AIM OF THE TASK:
Could you copy, exactly as written, every line from the first line of the records through the one containing "(* A derivative"?

AVAILABLE RECORDS:
——————
Lemma frameS M v s i : frame M v s (lift ord0 i) = col (s i) M.
Proof. by rewrite ffunE liftK. Qed.

Lemma mobius_comp_phi M v (s : 'I_k -> 'I_n) : injective s ->
  mobius (f \o phi M v) [set s i | i : 'I_k] = kderiv f (frame M v s).
Proof.
move=> s_inj; rewrite /mobius /kderiv.
(* Subsets of s(I_k) correspond to 0/1 coefficient vectors c. *)
pose supp (c : {ffun 'I_k -> 'F_2}) : {set 'I_n} := s @: [set i | c i != 0].
pose coef (R : {set 'I_n}) : {ffun 'I_k -> 'F_2} := [ffun i => (s i \in R)%:R].
rewrite (reindex supp) /=; last first.
  exists coef => [c _ | R]; last rewrite inE => sub_R.
    by apply/ffunP => i; rewrite ffunE (mem_imset _ _ s_inj) inE [RHS]F2_natE.
  apply/setP => x; apply/imsetP/idP => [[i]|Rx].
    by rewrite inE ffunE; case: (boolP (s i \in R)) => [? _ ->|_]; rewrite ?eqxx.
  have /imsetP[i _ xi] := subsetP sub_R x Rx.
  by exists i; rewrite // inE ffunE -xi Rx oner_eq0.
rewrite (eq_bigl predT) => [|c]; last first.
  by rewrite inE; apply/subsetP => _ /imsetP[i _ ->]; apply: imset_f.
apply: eq_big => // c _; rewrite /= /phi frame0; congr (f (_ + _)).
apply/matrixP => a j; rewrite !mxE summxE.
transitivity (\sum_(l in supp c) M a l).
  rewrite [RHS]big_mkcond /=; apply: eq_bigr => l _; rewrite !mxE.
  by case: (l \in supp c); rewrite ?mulr1 ?mulr0.
rewrite big_imset /=; last by move=> x y _ _; apply: s_inj.
rewrite big_mkcond /=; apply: eq_bigr => i _; rewrite inE !mxE frameS !mxE.
by rewrite [c i in RHS]F2_natE; case: (c i != 0); rewrite ?mul1r ?mul0r.
Qed.

(* A derivative along linearly dependent directions vanishes: translating
   the coefficient vector c by a nonzero relation w pairs the terms. *)
Lemma kderiv_dependent (u : {ffun 'I_k.+1 -> vec n}) :
  ~~ dirs_free u -> kderiv f u = 0.
Proof.
rewrite /dirs_free -kermx_eq0 => /rowV0Pn[w /sub_kermxP rel_w w_neq0].
have [i0 w_i0] : exists i0, w 0 i0 != 0.
  apply/existsP; apply: contraR w_neq0 => /existsPn w0; apply/eqP/rowP => i.
  by rewrite mxE; move: (w0 i); rewrite negbK => /eqP.
have sum_w : \sum_(i < k) w 0 i *: u (lift ord0 i) = 0.
  apply/matrixP => a b; rewrite summxE (ord1 b) mxE.
  move: (congr1 (fun m : 'rV_n => m 0 a) rel_w); rewrite !mxE => rel_wa.
  rewrite -[RHS]rel_wa.
  by apply: eq_bigr => i _; rewrite !mxE.
pose shift (c : {ffun 'I_k -> 'F_2}) : {ffun 'I_k -> 'F_2} := [ffun i => c i + w 0 i].
have shiftK : involutive shift.
  move=> c; apply/ffunP => i; rewrite !ffunE -addrA -mulr2n -mulr_natr.
  by rewrite F2_char2 mulr0 addr0.
pose F c := f (\sum_(i < k) c i *: u (lift ord0 i) + u ord0).
have F_shift c : F (shift c) = F c.
  rewrite /F; congr (f (_ + _)); under eq_bigr do rewrite ffunE scalerDl.
  by rewrite big_split /= sum_w addr0.
rewrite /kderiv -/F (bigID (fun c : {ffun 'I_k -> 'F_2} => c i0 == 0)) /=.
rewrite [X in _ + X](reindex_inj (inv_inj shiftK)) /=.
have shifted : \sum_(c | shift c i0 != 0) F (shift c) =
    \sum_(c : {ffun 'I_k -> 'F_2} | c i0 == 0) F c.
  apply: eq_big => [c|c _]; last exact: F_shift.
  by rewrite ffunE [w 0 i0]F2_natE w_i0 [c i0]F2_natE; case: (c i0 != 0).
by rewrite shifted -mulr2n -mulr_natr F2_char2 mulr0.
Qed.

End Derivatives.

Section Frames.

Variables (n k : nat).
Implicit Types (M : 'M['F_2]_n) (s : 'I_k -> 'I_n) (u : {ffun 'I_k.+1 -> vec n}).

Definition dirs_mx u : 'M['F_2]_(k, n) := \matrix_(i < k) (u (lift ord0 i))^T.

(* Distinct columns of an invertible matrix are linearly independent. *)
Lemma frame_free M v s : M \in unitmx -> injective s -> dirs_free (frame M v s).
Proof.
move=> unitM s_inj; rewrite /dirs_free -/(dirs_mx _).
have -> : dirs_mx (frame M v s) = rowsub s 1%:M *m M^T.
  by rewrite -rowsubE; apply/matrixP => i j; rewrite !mxE frameS !mxE.
rewrite /row_free mxrankMfree ?row_free_unit ?unitmx_tr //.
apply: inj_row_free => w /(congr1 (fun m : 'rV_n => m 0 (s _))) w0; apply/rowP => i.
move: (w0 i); rewrite !mxE (bigD1 i) //= big1 => [|l neq_li].
  by rewrite !mxE eqxx mulr1 addr0.
by rewrite !mxE (inj_eq s_inj) (negPf neq_li) mulr0.
Qed.

Definition frame_count s u : nat :=
  \sum_(M : 'M['F_2]_n | M \in unitmx) [forall i, col (s i) M == u (lift ord0 i)].

Lemma frame_fiber M s u :
  (\sum_(v : vec n) (frame M v s == u) = [forall i, col (s i) M == u (lift ord0 i)])%N.
Proof.
rewrite (bigD1 (u ord0)) //= big1 => [|v neq_v]; last first.
  by apply/eqP; rewrite eqb0; apply: contra neq_v => /eqP <-; rewrite frame0.
rewrite addn0; congr nat_of_bool; apply/eqP/forallP => [<- i|cols_u].
  by rewrite frameS.
apply/ffunP => j; case: (unliftP ord0 j) => [i ->|->]; last by rewrite frame0.
by rewrite frameS (eqP (cols_u i)).
Qed.

(* By transitivity of GL_n on free k-tuples, all free tuples of directions
   are realised by the same number of invertible matrices. *)
Lemma frame_count_const s u u' : (k <= n)%N ->
  dirs_free u -> dirs_free u' -> frame_count s u = frame_count s u'.
Proof.
move=> le_kn free_u free_u'.
have [R unitR uR] := row_free_transitive le_kn free_u' free_u.
have dirs_u i : u (lift ord0 i) = R^T *m u' (lift ord0 i).
  move: (congr1 (row i) uR); rewrite row_mul !rowK => row_i.
  by rewrite -[LHS]trmxK -row_i trmx_mul trmxK.
have unitRT : R^T \in unitmx by rewrite unitmx_tr.
rewrite /frame_count (reindex_inj (can_inj (mulKmx unitRT))) /=.
apply: eq_big => [M|M _]; first by rewrite unitmx_mul unitRT.
congr nat_of_bool; apply: eq_forallb => i.
rewrite [col _ (_ *m _)]colE -mulmxA -colE dirs_u.
by apply/eqP/eqP => [/(can_inj (mulKmx unitRT))->|->].
Qed.

(* Counting through the map (M, v) |-> frame M v s: every free tuple has
   the same number of preimages. *)
Lemma frame_sum s (P : pred {ffun 'I_k.+1 -> vec n}) : (k <= n)%N -> injective s ->
  (\sum_(M : 'M['F_2]_n | M \in unitmx) \sum_(v : vec n) P (frame M v s) =
   #|[set u | dirs_free u && P u]| * frame_count s (frame 1%:M 0 s))%N.
Proof.
move=> le_kn s_inj.
transitivity (\sum_(M : 'M['F_2]_n | M \in unitmx) \sum_(v : vec n)
    \sum_(u | dirs_free u && P u) (frame M v s == u) : nat)%N.
  apply: eq_bigr => M unitM; apply: eq_bigr => v _.
  rewrite big_mkcond (bigD1 (frame M v s)) //= eqxx frame_free // big1 => [|u].
    by rewrite addn0; case: (P _).
  by rewrite eq_sym => /negPf->; rewrite if_same.
under eq_bigr do rewrite exchange_big /=.
rewrite exchange_big /= -sum_nat_const; apply: eq_big => [u|u /andP[free_u _]].
  by rewrite inE.
rewrite -(frame_count_const s le_kn free_u (frame_free 0 (unitmx1 _ _) s_inj)).
by apply: eq_bigr => M _; rewrite frame_fiber.
Qed.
——————
ANSWER FOR THE TASK:
Lemma frameS M v s i : frame M v s (lift ord0 i) = col (s i) M.
Proof. by rewrite ffunE liftK. Qed.

Lemma mobius_comp_phi M v (s : 'I_k -> 'I_n) : injective s ->
  mobius (f \o phi M v) [set s i | i : 'I_k] = kderiv f (frame M v s).
Proof.
move=> s_inj; rewrite /mobius /kderiv.
(* Subsets of s(I_k) correspond to 0/1 coefficient vectors c. *)
pose supp (c : {ffun 'I_k -> 'F_2}) : {set 'I_n} := s @: [set i | c i != 0].
pose coef (R : {set 'I_n}) : {ffun 'I_k -> 'F_2} := [ffun i => (s i \in R)%:R].
rewrite (reindex supp) /=; last first.
  exists coef => [c _ | R]; last rewrite inE => sub_R.
    by apply/ffunP => i; rewrite ffunE (mem_imset _ _ s_inj) inE [RHS]F2_natE.
  apply/setP => x; apply/imsetP/idP => [[i]|Rx].
    by rewrite inE ffunE; case: (boolP (s i \in R)) => [? _ ->|_]; rewrite ?eqxx.
  have /imsetP[i _ xi] := subsetP sub_R x Rx.
  by exists i; rewrite // inE ffunE -xi Rx oner_eq0.
rewrite (eq_bigl predT) => [|c]; last first.
  by rewrite inE; apply/subsetP => _ /imsetP[i _ ->]; apply: imset_f.
apply: eq_big => // c _; rewrite /= /phi frame0; congr (f (_ + _)).
apply/matrixP => a j; rewrite !mxE summxE.
transitivity (\sum_(l in supp c) M a l).
  rewrite [RHS]big_mkcond /=; apply: eq_bigr => l _; rewrite !mxE.
  by case: (l \in supp c); rewrite ?mulr1 ?mulr0.
rewrite big_imset /=; last by move=> x y _ _; apply: s_inj.
rewrite big_mkcond /=; apply: eq_bigr => i _; rewrite inE !mxE frameS !mxE.
by rewrite [c i in RHS]F2_natE; case: (c i != 0); rewrite ?mul1r ?mul0r.
Qed.

(* A derivative along linearly dependent directions vanishes: translating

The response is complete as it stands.